*** Records supplied ***

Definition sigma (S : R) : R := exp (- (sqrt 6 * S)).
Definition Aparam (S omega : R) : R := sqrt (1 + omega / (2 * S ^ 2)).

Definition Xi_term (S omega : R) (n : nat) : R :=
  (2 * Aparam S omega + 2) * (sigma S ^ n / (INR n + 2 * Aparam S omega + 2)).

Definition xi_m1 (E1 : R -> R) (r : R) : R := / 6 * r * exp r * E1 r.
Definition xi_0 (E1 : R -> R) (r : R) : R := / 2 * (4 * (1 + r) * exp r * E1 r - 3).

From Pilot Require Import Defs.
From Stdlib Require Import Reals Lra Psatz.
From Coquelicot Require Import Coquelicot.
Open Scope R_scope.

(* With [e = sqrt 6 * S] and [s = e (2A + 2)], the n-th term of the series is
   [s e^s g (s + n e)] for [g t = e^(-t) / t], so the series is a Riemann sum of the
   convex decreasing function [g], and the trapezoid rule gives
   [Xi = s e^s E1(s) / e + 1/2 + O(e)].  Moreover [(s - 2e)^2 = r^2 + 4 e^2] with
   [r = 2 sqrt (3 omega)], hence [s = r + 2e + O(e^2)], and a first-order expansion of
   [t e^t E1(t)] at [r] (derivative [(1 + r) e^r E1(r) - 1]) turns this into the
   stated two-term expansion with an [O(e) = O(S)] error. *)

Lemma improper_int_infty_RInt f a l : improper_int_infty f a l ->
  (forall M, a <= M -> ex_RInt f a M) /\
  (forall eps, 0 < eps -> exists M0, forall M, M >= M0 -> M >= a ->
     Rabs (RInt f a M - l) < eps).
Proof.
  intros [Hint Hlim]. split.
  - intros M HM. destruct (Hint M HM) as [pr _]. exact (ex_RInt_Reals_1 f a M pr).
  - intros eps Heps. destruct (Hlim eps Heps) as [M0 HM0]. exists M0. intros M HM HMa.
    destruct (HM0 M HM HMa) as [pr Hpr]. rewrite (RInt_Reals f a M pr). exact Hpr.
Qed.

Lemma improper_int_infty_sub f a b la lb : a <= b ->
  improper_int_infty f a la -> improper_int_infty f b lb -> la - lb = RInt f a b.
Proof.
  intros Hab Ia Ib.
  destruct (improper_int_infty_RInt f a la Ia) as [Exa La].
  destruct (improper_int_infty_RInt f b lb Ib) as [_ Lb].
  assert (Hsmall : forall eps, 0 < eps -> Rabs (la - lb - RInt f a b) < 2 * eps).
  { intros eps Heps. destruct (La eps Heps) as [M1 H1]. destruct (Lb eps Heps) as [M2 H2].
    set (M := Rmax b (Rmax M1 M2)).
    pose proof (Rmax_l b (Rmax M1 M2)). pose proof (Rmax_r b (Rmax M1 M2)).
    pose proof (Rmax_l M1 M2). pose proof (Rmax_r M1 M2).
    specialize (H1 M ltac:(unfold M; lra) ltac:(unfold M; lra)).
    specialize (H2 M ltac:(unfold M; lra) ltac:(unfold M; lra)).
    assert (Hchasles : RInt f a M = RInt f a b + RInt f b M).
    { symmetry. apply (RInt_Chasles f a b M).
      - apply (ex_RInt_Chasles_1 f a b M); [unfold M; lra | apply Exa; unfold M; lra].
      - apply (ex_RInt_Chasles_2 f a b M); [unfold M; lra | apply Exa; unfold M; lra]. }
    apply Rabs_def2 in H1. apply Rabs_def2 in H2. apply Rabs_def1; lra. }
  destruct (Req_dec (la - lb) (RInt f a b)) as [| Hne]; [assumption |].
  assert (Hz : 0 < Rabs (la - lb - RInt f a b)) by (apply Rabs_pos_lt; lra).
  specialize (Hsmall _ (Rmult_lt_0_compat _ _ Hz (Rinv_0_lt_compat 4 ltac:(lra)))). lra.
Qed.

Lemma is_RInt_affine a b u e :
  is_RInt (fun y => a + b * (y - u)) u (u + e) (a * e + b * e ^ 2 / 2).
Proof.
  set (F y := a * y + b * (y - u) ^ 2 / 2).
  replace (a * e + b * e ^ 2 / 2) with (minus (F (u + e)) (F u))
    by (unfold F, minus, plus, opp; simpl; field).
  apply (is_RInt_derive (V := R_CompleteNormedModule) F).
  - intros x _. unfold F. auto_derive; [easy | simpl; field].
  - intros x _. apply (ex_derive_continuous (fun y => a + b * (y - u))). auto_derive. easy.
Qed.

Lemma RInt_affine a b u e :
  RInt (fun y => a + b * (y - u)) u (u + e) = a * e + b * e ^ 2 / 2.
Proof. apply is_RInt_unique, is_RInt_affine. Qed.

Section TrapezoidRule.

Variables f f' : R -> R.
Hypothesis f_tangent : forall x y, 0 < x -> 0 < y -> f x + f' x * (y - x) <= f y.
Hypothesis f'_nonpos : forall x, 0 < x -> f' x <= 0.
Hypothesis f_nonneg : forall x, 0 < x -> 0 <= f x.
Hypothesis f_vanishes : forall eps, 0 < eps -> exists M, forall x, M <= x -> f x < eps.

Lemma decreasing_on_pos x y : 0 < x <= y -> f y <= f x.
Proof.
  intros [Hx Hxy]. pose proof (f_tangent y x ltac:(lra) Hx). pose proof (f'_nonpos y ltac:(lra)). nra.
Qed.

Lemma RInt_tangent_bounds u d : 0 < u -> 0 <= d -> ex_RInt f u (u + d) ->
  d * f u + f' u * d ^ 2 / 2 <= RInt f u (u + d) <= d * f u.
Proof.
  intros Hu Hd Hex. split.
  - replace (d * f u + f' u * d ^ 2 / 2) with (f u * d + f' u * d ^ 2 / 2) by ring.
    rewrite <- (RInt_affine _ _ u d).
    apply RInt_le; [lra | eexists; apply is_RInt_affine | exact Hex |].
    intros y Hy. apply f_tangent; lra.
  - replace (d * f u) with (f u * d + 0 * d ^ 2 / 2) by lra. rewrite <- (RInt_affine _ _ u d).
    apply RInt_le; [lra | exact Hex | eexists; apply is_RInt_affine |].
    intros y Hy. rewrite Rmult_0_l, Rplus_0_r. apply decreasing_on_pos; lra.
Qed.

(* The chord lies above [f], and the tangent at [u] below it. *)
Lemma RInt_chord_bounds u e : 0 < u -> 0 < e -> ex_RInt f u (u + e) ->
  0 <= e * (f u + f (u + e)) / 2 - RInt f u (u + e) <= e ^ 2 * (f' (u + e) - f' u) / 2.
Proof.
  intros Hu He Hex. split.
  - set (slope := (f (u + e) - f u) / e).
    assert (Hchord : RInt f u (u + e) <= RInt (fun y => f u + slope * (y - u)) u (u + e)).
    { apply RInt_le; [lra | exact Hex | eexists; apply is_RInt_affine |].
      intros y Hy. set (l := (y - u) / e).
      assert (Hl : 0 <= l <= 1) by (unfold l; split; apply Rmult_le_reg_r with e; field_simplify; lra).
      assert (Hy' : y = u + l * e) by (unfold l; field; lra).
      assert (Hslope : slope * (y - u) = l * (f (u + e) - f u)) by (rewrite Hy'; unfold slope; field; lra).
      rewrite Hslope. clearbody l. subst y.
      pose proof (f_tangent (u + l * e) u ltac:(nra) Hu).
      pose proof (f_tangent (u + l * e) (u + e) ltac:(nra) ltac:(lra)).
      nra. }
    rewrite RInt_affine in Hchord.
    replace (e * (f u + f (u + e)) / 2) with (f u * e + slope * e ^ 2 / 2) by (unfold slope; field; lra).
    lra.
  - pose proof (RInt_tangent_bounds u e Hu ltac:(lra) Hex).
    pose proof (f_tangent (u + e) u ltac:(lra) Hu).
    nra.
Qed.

*** End of Records supplied ***
*** Records supplied ***

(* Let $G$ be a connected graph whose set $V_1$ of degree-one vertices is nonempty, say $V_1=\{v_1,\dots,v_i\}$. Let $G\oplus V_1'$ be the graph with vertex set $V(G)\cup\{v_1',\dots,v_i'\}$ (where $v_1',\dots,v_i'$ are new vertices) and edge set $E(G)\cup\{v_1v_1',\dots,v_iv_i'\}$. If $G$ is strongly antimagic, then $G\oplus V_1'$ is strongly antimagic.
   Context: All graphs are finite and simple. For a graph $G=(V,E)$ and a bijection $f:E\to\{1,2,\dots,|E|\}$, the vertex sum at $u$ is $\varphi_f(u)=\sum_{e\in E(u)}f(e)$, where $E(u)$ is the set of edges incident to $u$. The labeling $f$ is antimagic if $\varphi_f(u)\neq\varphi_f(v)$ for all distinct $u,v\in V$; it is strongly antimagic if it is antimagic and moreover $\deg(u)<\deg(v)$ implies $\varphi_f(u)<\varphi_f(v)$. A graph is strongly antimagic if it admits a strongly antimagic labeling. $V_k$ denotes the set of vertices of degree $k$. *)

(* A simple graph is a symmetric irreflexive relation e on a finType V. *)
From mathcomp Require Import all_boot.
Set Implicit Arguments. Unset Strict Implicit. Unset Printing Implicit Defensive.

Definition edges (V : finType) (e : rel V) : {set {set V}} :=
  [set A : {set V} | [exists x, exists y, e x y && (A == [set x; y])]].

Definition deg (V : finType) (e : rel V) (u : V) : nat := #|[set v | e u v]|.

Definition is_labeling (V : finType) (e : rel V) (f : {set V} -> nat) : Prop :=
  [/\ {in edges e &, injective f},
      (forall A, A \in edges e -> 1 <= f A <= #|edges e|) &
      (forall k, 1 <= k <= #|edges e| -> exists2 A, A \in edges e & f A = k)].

*** End of Records supplied ***
*** Records supplied ***

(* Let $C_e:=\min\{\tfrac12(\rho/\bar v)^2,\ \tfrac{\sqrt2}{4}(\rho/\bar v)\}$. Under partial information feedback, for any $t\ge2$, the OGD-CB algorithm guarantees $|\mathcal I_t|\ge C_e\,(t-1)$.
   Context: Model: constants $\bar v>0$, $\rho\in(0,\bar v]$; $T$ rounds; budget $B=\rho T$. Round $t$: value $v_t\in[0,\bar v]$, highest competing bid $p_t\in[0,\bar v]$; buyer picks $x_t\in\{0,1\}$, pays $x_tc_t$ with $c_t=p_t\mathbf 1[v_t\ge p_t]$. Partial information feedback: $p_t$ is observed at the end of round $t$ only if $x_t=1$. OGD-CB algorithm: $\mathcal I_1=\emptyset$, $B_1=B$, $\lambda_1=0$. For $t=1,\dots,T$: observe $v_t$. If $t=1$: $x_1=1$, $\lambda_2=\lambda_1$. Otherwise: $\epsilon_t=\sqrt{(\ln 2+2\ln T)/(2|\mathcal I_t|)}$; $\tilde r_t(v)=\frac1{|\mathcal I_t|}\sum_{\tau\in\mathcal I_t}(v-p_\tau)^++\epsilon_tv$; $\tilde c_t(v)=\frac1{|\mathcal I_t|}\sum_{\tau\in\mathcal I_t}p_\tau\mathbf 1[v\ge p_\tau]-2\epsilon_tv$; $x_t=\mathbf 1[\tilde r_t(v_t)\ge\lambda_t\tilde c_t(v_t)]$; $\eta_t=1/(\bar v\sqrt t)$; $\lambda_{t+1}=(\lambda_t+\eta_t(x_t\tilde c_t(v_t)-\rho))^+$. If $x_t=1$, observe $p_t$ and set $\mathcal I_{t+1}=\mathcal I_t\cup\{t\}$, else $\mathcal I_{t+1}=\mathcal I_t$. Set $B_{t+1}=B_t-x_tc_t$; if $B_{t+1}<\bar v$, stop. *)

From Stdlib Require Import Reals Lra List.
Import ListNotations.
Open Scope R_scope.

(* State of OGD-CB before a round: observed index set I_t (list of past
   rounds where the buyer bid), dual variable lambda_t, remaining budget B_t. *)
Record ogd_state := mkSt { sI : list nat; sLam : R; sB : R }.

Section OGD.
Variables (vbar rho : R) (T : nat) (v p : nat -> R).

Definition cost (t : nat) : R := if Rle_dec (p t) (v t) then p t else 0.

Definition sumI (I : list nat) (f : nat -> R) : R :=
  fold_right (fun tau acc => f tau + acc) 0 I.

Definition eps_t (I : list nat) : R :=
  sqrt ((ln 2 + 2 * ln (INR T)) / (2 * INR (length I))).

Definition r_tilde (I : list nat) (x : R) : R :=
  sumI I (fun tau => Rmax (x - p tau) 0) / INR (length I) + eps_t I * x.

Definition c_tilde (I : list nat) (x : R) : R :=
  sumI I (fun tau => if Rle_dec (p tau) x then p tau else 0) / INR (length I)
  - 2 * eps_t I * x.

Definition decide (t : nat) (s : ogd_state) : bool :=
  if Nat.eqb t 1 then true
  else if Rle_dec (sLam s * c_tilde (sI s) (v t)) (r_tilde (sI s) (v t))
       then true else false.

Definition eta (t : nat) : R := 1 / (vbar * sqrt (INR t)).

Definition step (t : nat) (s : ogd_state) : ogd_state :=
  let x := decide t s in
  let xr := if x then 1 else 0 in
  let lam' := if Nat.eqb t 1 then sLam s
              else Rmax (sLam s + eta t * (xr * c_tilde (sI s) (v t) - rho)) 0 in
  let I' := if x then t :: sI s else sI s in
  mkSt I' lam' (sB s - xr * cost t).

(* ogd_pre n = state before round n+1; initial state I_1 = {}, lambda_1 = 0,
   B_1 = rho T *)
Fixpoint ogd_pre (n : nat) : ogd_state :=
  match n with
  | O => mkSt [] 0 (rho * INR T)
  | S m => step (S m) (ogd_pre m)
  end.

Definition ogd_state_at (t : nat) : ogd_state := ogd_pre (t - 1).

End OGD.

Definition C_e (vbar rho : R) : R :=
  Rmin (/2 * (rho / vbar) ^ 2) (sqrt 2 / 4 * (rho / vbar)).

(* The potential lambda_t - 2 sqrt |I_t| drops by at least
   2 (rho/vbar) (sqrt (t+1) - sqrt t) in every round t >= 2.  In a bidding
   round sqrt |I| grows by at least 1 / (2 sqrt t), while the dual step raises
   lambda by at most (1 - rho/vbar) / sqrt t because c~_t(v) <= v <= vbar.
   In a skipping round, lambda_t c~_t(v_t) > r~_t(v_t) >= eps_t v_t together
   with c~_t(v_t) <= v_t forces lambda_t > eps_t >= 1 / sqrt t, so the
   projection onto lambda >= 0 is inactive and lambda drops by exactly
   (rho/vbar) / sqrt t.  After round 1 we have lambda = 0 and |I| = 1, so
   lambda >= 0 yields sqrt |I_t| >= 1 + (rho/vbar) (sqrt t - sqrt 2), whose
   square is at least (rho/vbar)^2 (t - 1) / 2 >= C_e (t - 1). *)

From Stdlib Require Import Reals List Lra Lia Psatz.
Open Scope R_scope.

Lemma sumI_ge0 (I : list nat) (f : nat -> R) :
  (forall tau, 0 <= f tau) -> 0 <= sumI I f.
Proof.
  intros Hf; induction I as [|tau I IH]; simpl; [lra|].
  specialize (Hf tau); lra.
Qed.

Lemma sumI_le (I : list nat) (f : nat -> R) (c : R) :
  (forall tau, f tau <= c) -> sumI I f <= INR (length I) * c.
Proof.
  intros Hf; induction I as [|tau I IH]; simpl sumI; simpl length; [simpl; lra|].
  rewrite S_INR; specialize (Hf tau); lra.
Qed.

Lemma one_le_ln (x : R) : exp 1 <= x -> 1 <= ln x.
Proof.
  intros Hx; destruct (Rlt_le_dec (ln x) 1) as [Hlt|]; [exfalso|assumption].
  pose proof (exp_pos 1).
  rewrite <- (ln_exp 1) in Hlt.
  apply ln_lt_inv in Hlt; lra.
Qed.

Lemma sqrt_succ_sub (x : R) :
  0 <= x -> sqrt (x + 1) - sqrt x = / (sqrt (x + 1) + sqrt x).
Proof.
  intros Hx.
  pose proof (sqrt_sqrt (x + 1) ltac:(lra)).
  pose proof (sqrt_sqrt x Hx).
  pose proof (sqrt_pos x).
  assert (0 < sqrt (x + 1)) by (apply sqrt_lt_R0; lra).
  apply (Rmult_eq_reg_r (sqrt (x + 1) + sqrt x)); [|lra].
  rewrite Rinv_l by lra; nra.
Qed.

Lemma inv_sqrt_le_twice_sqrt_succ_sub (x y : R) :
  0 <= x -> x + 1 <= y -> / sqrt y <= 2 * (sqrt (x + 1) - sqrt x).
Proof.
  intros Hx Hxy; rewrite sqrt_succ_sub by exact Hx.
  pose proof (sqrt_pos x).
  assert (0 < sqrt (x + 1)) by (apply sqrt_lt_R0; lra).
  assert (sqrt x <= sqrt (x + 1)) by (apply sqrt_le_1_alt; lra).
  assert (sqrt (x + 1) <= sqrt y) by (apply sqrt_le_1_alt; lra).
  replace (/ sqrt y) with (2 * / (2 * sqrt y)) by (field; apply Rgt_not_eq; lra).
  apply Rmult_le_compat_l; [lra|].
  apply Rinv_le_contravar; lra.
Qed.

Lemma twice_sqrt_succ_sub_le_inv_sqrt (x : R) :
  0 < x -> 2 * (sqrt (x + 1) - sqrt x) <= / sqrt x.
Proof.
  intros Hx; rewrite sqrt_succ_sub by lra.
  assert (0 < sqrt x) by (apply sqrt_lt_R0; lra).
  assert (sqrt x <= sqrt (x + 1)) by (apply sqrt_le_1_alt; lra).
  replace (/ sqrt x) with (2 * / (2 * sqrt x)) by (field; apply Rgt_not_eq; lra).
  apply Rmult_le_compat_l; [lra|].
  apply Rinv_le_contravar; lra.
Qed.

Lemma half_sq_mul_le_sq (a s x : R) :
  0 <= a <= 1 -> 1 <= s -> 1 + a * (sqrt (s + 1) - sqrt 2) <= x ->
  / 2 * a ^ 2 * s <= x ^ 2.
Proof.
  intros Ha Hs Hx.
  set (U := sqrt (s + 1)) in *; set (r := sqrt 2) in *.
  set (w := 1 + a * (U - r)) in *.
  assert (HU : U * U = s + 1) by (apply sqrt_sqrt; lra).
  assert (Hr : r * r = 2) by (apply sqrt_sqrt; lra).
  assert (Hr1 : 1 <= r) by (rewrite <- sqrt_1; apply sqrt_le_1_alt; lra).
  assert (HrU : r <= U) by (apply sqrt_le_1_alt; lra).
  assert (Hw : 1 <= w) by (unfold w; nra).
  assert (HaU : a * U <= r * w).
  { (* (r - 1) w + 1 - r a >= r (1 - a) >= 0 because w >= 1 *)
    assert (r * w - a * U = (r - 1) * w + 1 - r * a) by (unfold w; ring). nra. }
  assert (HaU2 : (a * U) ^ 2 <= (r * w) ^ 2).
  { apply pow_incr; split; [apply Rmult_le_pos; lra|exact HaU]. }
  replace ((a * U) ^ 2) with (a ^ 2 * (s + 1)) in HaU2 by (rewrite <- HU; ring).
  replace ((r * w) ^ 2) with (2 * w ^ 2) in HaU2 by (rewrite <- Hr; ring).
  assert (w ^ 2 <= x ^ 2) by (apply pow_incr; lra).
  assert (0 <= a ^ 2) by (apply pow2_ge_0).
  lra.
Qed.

*** End of Records supplied ***

* Aim of the task *
Print, from the entries above, the line with "assert (Hy' : y", the line with "pose proof (f_tangent (u + l * e) (u" and all lines between them, exactly and with nothing else.

* Reply *
      assert (Hy' : y = u + l * e) by (unfold l; field; lra).
      assert (Hslope : slope * (y - u) = l * (f (u + e) - f u)) by (rewrite Hy'; unfold slope; field; lra).
      rewrite Hslope. clearbody l. subst y.
      pose proof (f_tangent (u + l * e) u ltac:(nra) Hu).
      pose proof (f_tangent (u + l * e) (u + e) ltac:(nra) ltac:(lra)).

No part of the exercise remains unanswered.